Malam-malam sepi, ketika suara kodok bersahutan di sawah dan langit menumpahkan kabut, ia sering duduk di tangga kayu rumah panggungnya, memikirkan satu hal: mengapa orang-orang percaya menitipkan hal paling sunyi kepadanya?
"Aku bukan siapa-siapa, Uda," katanya suatu malam pada Masril, tetua kampung.
"Tapi mereka percaya padamu, karena kau tahu arah pulang lebih baik dari siapa pun," jawab Masril sambil menyulut rokok kretek.
Telepon dari Rantau
Pagi itu kabut turun lebih tebal dari biasa. Di beranda rumahnya yang menghadap lembah, Pak Ruhin sedang menjemur tikar pandan. Baru saja ia selesai mengantar jenazah seorang mantan guru SD ke pemakaman. Belum sempat minum teh, ponselnya bergetar.
Suara seorang perempuan menyapa, lembut tapi tergetar.
"Apakah benar ini nomor Bapak Ruhin... yang biasa antar jenazah ke Bukik?"
"Iya, Uni," jawabnya tenang. "Siapa yang meninggal?"
Sunyi sejenak. Lalu suara itu pecah.
"Abak... Abak kami... semalam... di Jakarta. Beliau ingin dikuburkan di dekat rumah gadang. Di sebelah Mak... katanya."
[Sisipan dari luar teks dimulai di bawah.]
Lemma separable_conv m n (X Y : 'M[C]_(m * n)) (t : C) :
  separable X -> separable Y -> 0 <= t <= 1 -> separable (t *: X + (1 - t) *: Y).
Proof.
move=> [k1 [w1 [a1 [b1 [hw1 [s1 [hab1 ->]]]]]]] [k2 [w2 [a2 [b2 [hw2 [s2 [hab2 ->]]]]]]].
move=> /andP[t0 t1].
exists (k1 + k2)%N, (catf (fun j => t * w1 j) (fun j => (1 - t) * w2 j)),
  (catf a1 a2), (catf b1 b2).
split; first by move=> i; rewrite /catf; case: (split i) => j;
  apply: mulr_ge0; rewrite ?subr_ge0.
split.
  rewrite big_split_ord /=.
  under eq_bigr => j _ do rewrite catf_l.
  under [X in _ + X]eq_bigr => j _ do rewrite catf_r.
  by rewrite -!mulr_sumr s1 s2 !mulr1 subrKC.
split; first by move=> i; rewrite /catf; case: (split i).
rewrite big_split_ord /= !scaler_sumr; congr (_ + _); apply: eq_bigr => j _.
  by rewrite !catf_l scalerA.
by rewrite !catf_r scalerA.
Qed.

Lemma state_supported_proj n (A : 'M[C]_n) (u : 'rV[C]_n) : is_state A -> ip u u = 1 ->
  (forall g, ip g u = 0 -> sform A g g = 0) -> A = proj u.
Proof.
move=> [hA trA] hu H.
have hperp p : ip (p - ip p u *: u) u = 0 by rewrite ipDl ipNl ipZl hu mulr1 subrr.
have radr p x : sform A x (p - ip p u *: u) = 0 by apply: psd_radical => //; apply: H.
have radl p x : sform A (p - ip p u *: u) x = 0.
  by rewrite (sformC _ _ (psd_herm hA)) radr conjC0.
have hAu : A = sform A u u *: proj u.
  apply: sform_inj => p q; rewrite sformZm sform_proj (ipC q u).
  rewrite -{1}(subrK (ip p u *: u) p) -{1}(subrK (ip q u *: u) q).
  rewrite sformDl radl add0r sformDr sformZl radr mulr0 add0r sformZl sformZr; ring.
by move: trA; rewrite hAu mxtraceZ tr_proj hu mulr1 => ->; rewrite scale1r.
Qed.

Lemma product_vanishing_proj m n (A : 'M[C]_m) (B : 'M[C]_n) x y :
  is_state A -> is_state B -> ip x x = 1 -> ip y y = 1 ->
  (forall g h, ip g x = 0 -> ip h y = 0 -> sform A g g * sform B h h = 0) ->
  A = proj x \/ B = proj y.
Proof.
move=> hA hB hx hy H.
case: (classic (forall g, ip g x = 0 -> sform A g g = 0)) => HA.
  by left; apply: state_supported_proj.
right; apply: state_supported_proj => // h hh.
have [g Hg] := not_all_ex_not _ _ HA; have [hg hng] := imply_to_and _ _ Hg.
have /eqP := H g h hg hh; rewrite mulf_eq0 => /orP [/eqP hA0|/eqP //].
by case: hng.
Qed.

Lemma separable_tvec_ge0 m n (Z : 'M[C]_(m * n)) g h :
  separable Z -> 0 <= sform Z (tvec g h) (tvec g h).
Proof.
move=> [k [w [a [b [hw [_ [hab ->]]]]]]].
rewrite sform_sum sumr_ge0 // => i _; have [[ha _] [hb _]] := hab i.
by rewrite sformZm sform_kron !mulr_ge0 // psd_ge0.
Qed.

Lemma decomp_term_vanishes m n (M Z' : 'M[C]_(m * n)) (t : C) k (w : 'I_k -> C)
    (a : 'I_k -> 'M[C]_m) (b : 'I_k -> 'M[C]_n) i g h :
  separable Z' -> 0 < t < 1 -> (forall j, 0 <= w j) ->
  (forall j, is_state (a j) /\ is_state (b j)) ->
  M = t *: (\sum_j w j *: kron (a j) (b j)) + (1 - t) *: Z' -> 0 < w i ->
  sform M (tvec g h) (tvec g h) = 0 -> sform (a i) g g * sform (b i) h h = 0.
Proof.
move=> hZ' /andP[t0 t1] hw hab -> wi.
have term_ge0 j : 0 <= sform (w j *: kron (a j) (b j)) (tvec g h) (tvec g h).
  have [[ha _] [hb _]] := hab j.
  by rewrite sformZm sform_kron !mulr_ge0 // psd_ge0.
rewrite sformDm !sformZm sform_sum => /eqP; rewrite paddr_eq0; first last.
- by apply: mulr_ge0; [rewrite subr_ge0 ltW | exact: separable_tvec_ge0].
- by apply: mulr_ge0; [exact: ltW | exact: sumr_ge0].
case/andP; rewrite mulf_eq0 gt_eqF //= psumr_eq0 // => /allP/(_ i (mem_index_enum _)).
by rewrite sformZm sform_kron mulf_eq0 gt_eqF //= => /eqP.
Qed.

Section ProductFace.
Variables (m n : nat) (u u' : 'rV[C]_m) (v v' : 'rV[C]_n).
Hypotheses (hu : ip u u = 1) (hu' : ip u' u' = 1) (hv : ip v v = 1) (hv' : ip v' v' = 1).
Hypotheses (nu : proj u <> proj u') (nv : proj v <> proj v').

Let X := kron (proj u) (proj v).
Let Y := kron (proj u') (proj v').

Let sform_mid g h : sform (2^-1 *: X + (1 - 2^-1) *: Y) (tvec g h) (tvec g h) =
  2^-1 * ((ip g u * ip u g) * (ip h v * ip v h)) +
  (1 - 2^-1) * ((ip g u' * ip u' g) * (ip h v' * ip v' h)).
Proof. by rewrite sformDm !sformZm !sform_kron !sform_proj. Qed.

(* Every product state of positive weight in a decomposition of the midpoint
   of X and Y is X or Y: testing against u^perp (x) v'^perp and
   u'^perp (x) v^perp leaves only these two combinations. *)
Lemma midpoint_product_terms (Z' : 'M[C]_(m * n)) (t : C) k (w : 'I_k -> C)
    (a : 'I_k -> 'M[C]_m) (b : 'I_k -> 'M[C]_n) :
  separable Z' -> 0 < t < 1 -> (forall j, 0 <= w j) ->
  (forall j, is_state (a j) /\ is_state (b j)) ->
  2^-1 *: X + (1 - 2^-1) *: Y = t *: (\sum_j w j *: kron (a j) (b j)) + (1 - t) *: Z' ->
  forall i, 0 < w i -> (a i = proj u /\ b i = proj v) \/ (a i = proj u' /\ b i = proj v').
Proof.
move=> hZ' ht hw hab hmid i wi; have [ha hb] := hab i.
have vanish g h : sform (2^-1 *: X + (1 - 2^-1) *: Y) (tvec g h) (tvec g h) = 0 ->
    sform (a i) g g * sform (b i) h h = 0.
  exact: (decomp_term_vanishes hZ' ht hw hab hmid wi).
have [e1|e1] : a i = proj u \/ b i = proj v'.
  apply: product_vanishing_proj => // g h hg hh; apply: vanish.
  by rewrite sform_mid hg (ipC g u) hg (ipC h v') hh conjC0 !(mulr0, mul0r) addr0.
all: have [e2|e2] : a i = proj u' \/ b i = proj v.
all: try (apply: product_vanishing_proj => // g h hg hh; apply: vanish;
  by rewrite sform_mid hg (ipC g u') hg (ipC h v) hh conjC0 !(mulr0, mul0r) addr0).
- by case: nu; rewrite -e1 -e2.
- by left.
- by right.
- by case: nv; rewrite -e1 -e2.
Qed.

Lemma product_segment_face (Z Z' : 'M[C]_(m * n)) (t : C) :
  separable Z -> separable Z' -> 0 < t < 1 ->
  2^-1 *: X + (1 - 2^-1) *: Y = t *: Z + (1 - t) *: Z' ->
  exists2 s, 0 <= s <= 1 & Z = s *: X + (1 - s) *: Y.
Proof.
move=> [k [w [a [b [hw [hw1 [hab hZe]]]]]]] hZ' ht hmid.
rewrite hZe in hmid.
have terms := midpoint_product_terms hZ' ht hw hab hmid.
have nu' : (proj u' == proj u) = false by apply/eqP => h; apply: nu.
have hsplit i : w i *: kron (a i) (b i) =
    (if a i == proj u then w i else 0) *: X + (if a i == proj u then 0 else w i) *: Y.
  have := hw i; rewrite le_eqVlt => /orP [/eqP <- | wi].
    by case: ifP => _; rewrite !scale0r addr0.
  case: (terms i wi) => [[-> ->] | [-> ->]]; first by rewrite eqxx scale0r addr0.
  by rewrite nu' scale0r add0r.
set s := \sum_i (if a i == proj u then w i else 0).
have hs1 : \sum_i (if a i == proj u then 0 else w i) = 1 - s.
  rewrite -hw1 /s -sumrB; apply: eq_bigr => i _.
  by case: ifP => _; rewrite ?subr0 ?subrr.
exists s.
  rewrite sumr_ge0 /=; last by move=> i _; case: ifP.
  by rewrite -subr_ge0 -hs1 sumr_ge0 // => i _; case: ifP.
by rewrite hZe (eq_bigr _ (fun i _ => hsplit i)) big_split /= -!scaler_suml hs1.
Qed.
End ProductFace.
Pak Ruhin terdiam. Nama lelaki itu tak asing. Marjohan, sahabat masa kecil. Mereka dulu mandi bersama di Batang Antokan, lomba pacu itik, berlatih silek di surau yang kini tinggal satu tiang berdiri. Terakhir bertemu sepuluh tahun lalu, Marjohan hanya pulang sebentar, menitipkan sebungkus kopi dan senyum lelah dari rantau.